What is the Meta Llama release date and what models were included?

Meta released Llama on April 5, 2025. The release included three models: Llama Scout (17B active parameters, 10 million token context window, 16-expert MoE), Llama Maverick (17B active parameters, 128-expert MoE), and Llama Behemoth (approximately 2 trillion total parameters, still in training at launch). All three use a Mixture of Experts architecture.

How does Llama Maverick compare to GPT-4 and Claude Sonnet?

At launch, Llama Maverick scored 1417 on the LM Arena leaderboard, placing above GPT-4 (1411) and Gemini 2.0 Flash Experimental. It performs strongly on coding, math, and multilingual tasks. Claude Sonnet 4.6 and GPT-5 have since raised the bar, but Maverick remains competitive at a fraction of the API cost — or free when self-hosted.

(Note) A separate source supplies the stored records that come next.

(* Consider plain SGD (no momentum) with scalar learning rate $\lambda>0$ and batch size $S$ on $L_2$-regularized linear regression in the limit $N\to\infty$, with $[A,\Gamma]=0$. Let $K:=A+\Gamma$, $U:=\mathbf{u}\mathbf{u}^{\mathrm T}$, $G:=2I_D-\lambda\left(K+\frac1SK^{-1}A^2\right)$, $\kappa:=\frac{\mathrm{Tr}[A^2K^{-1}G^{-1}]}{1-\frac\lambda S\mathrm{Tr}[A^2K^{-1}G^{-1}]}$, $r:=\frac{\mathrm{Tr}[A^3K^{-3}\Gamma^2G^{-1}U]}{1-\frac\lambda S\mathrm{Tr}[A^2K^{-1}G^{-1}]}$ (with $K,G$ invertible and the denominator nonzero). Then the expected test loss $L_{\rm test}:=\frac12\mathbb{E}_{\mathbf{w}}[(\mathbf{w}-\mathbf{u})^{\mathrm T}A(\mathbf{w}-\mathbf{u})]$ is $$L_{\rm test}=\frac{\lambda}{2S}\left(\mathrm{Tr}[AK^{-2}\Gamma^2U]\kappa+r\right)+\frac12\mathrm{Tr}[AK^{-2}\Gamma^2U].$$ Moreover, if $A$, $\Gamma$ and $U$ pairwise commute, then $$\Sigma=\frac\lambda S\mathrm{Tr}[AK^{-2}\Gamma^2U]\left(1+\frac{\lambda\kappa}{S}\right)AK^{-1}G^{-1}+\frac\lambda S\left(A^2K^{-2}\Gamma^2U+\frac{\lambda r}{S}A\right)K^{-1}G^{-1}.$$
   Context: Data: $x_i\in\mathbb{R}^D$ i.i.d. $\mathcal N(0,A)$, $A$ symmetric positive definite; labels $y_i=\mathbf{u}^{\mathrm T}x_i$; $\Gamma$ symmetric. Loss $L_\Gamma(\mathbf{w})=\frac{1}{2N}\sum_i[(\mathbf{w}-\mathbf{u})^{\mathrm T}x_i]^2+\frac12\mathbf{w}^{\mathrm T}\Gamma\mathbf{w}$, whose Hessian is $K=A+\Gamma$ as $N\to\infty$. SGD: $\mathbf{w}_t=\mathbf{w}_{t-1}-\frac\lambda S\sum_{i\in B_t}\nabla\ell_i(\mathbf{w}_{t-1})$. The stationary distribution has mean $\mathbf{w}^*=K^{-1}A\mathbf{u}$ and covariance $\Sigma:=\mathbb{E}_{\mathbf{w}}[(\mathbf{w}-\mathbf{w}^* )(\mathbf{w}-\mathbf{w}^* )^{\mathrm T}]$, determined by the stationarity equation $\lambda(K\Sigma+\Sigma K)-\lambda^2K\Sigma K=\lambda^2C$, where the averaged minibatch noise covariance is $C=\frac1S\big(A\Sigma A+\mathrm{Tr}[A\Sigma]A+\mathrm{Tr}[AK^{-2}\Gamma^2U]A+AK^{-1}\Gamma U\Gamma K^{-1}A\big)$. *)

From HB Require Import structures.
From mathcomp Require Import all_boot all_order all_algebra.
From mathcomp Require Import reals.
Set Implicit Arguments. Unset Strict Implicit. Unset Printing Implicit Defensive.
Import Order.TTheory GRing.Theory Num.Theory.
Local Open Scope ring_scope.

Can companies use Llama commercially?

Yes, with restrictions. Meta's Llama license permits commercial use but requires attribution and prohibits using the model to train competing foundation models. Companies with more than 700 million monthly active users must request a special commercial license from Meta. For most startups and enterprises, the license is effectively open for commercial deployment.

Why does open-weight AI leadership matter for the AI market?

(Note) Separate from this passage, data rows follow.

(* Let $f_c=S_0+\sum_{n\ge1}S_nS_0^{\,n+1}$, an element of the Schröder group $G_{\mathcal S}$, and let $g_c$ be its inverse in $G_{\mathcal S}$ for the composition $\circ$. Write $g_c=\eta\, S_0$ with $\eta\in\mathbb{C}\langle\langle S_0,S_1,\dots\rangle\rangle$, and define $\kappa:=\eta^{-1}S_0$, where $\eta^{-1}$ is the multiplicative inverse of $\eta$ in $\mathbb{C}\langle\langle S_0,S_1,\dots\rangle\rangle$. Then: (a) the image of $\kappa$ under the substitution $S_0\mapsto 1$, $S_n\mapsto S_n$ ($n\ge 1$) is the series $K=1+\sum_{n\ge1}K_n$ of $\widehat{\mathbf{Sym}}$; (b) for every $n\ge1$, the sum $\kappa_n$ of all terms of $\kappa$ of weight $n$ is $$\kappa_n=\sum_{t\in \mathrm{PST}_n}(-1)^{i(t)-1}S^t .$$
   Context: A reduced plane tree is a rooted plane (ordered) tree in which every internal node has at least two children; the one-vertex tree (a single leaf) is allowed. Its degree is its number of leaves, its weight is the degree minus 1, and $i(t)$ denotes the number of internal nodes of $t$. Let $\mathbb{C}\langle\langle S_0,S_1,\dots\rangle\rangle$ be the algebra of formal (possibly infinite) linear combinations of words in noncommuting letters $S_0,S_1,\dots$ (products are well defined since a word has finitely many factorizations); the weight of a word $S_{i_1}\cdots S_{i_r}$ is $i_1+\dots+i_r$. To a reduced plane tree $t$ associate the word $S^t$ obtained by reading the nodes in preorder (root first, then the subtrees from left to right, recursively), writing $S_{k-1}$ for a node with $k$ children (so a leaf is $S_0$); the weight of $S^t$ equals the weight of $t$, and every $S^t$ ends with $S_0$. For trees $t_0$ with $n$ leaves and $t_1,\dots,t_n$, $t_0\circ(t_1,\dots,t_n)$ is the tree obtained by replacing the leaves of $t_0$, from left to right, by $t_1,\dots,t_n$; this is extended multilinearly to series. The Schröder group $G_{\mathcal S}$ is the set of series $p=S_0+\sum_{n\ge2}p_n$ with $p_n$ a finite linear combination of words $S^t$ for trees $t$ with $n$ leaves, with product $p\circ q=q+\sum_{n\ge2}p_n\circ(q,\dots,q)$; it is a group with identity $S_0$. A reduced plane tree with at least two leaves is prime if the rightmost child of its root is a leaf; $\mathrm{PST}_n$ is the set of prime reduced plane trees of weight $n$. $\mathbf{Sym}$ is the free associative algebra over $\mathbb{C}$ on $S_1,S_2,\dots$ ($\deg S_n=n$), $\widehat{\mathbf{Sym}}$ its completion, $S_0=1$, $\sigma_1=\sum_{n\ge0}S_n$, and $K_n$ are the unique homogeneous elements of degree $n$ with $K_0=1$ and $\sigma_1=\sum_{n\ge0}K_n\sigma_1^{\,n}$. *)

(* Coefficient field: algC (algebraic complex numbers);
   all coefficients involved are integers. *)
From mathcomp Require Import all_boot all_order all_algebra algC.
From Stdlib Require List.
Set Implicit Arguments. Unset Strict Implicit. Unset Printing Implicit Defensive.
Import GRing.Theory Num.Theory.
Local Open Scope ring_scope.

Open-weight frontier models commoditize the base layer of AI. When a model matching closed-source quality is freely downloadable, it eliminates the moat that API pricing creates for OpenAI and Anthropic. Enterprises can self-host, fine-tune on proprietary data, and control their cost structure. This forces closed providers to compete on ecosystem, speed, and reliability rather than raw capability alone.

What is the Llama Scout 10 million token context window used for?

Llama Scout's 10 million token context window — the largest of any production model at its launch — enables processing of entire codebases, legal document libraries, or years of customer conversations in a single prompt. Practical enterprise use cases include full-repository code review, large-scale document analysis, and long-form agentic workflows that previously required complex retrieval-augmented generation pipelines.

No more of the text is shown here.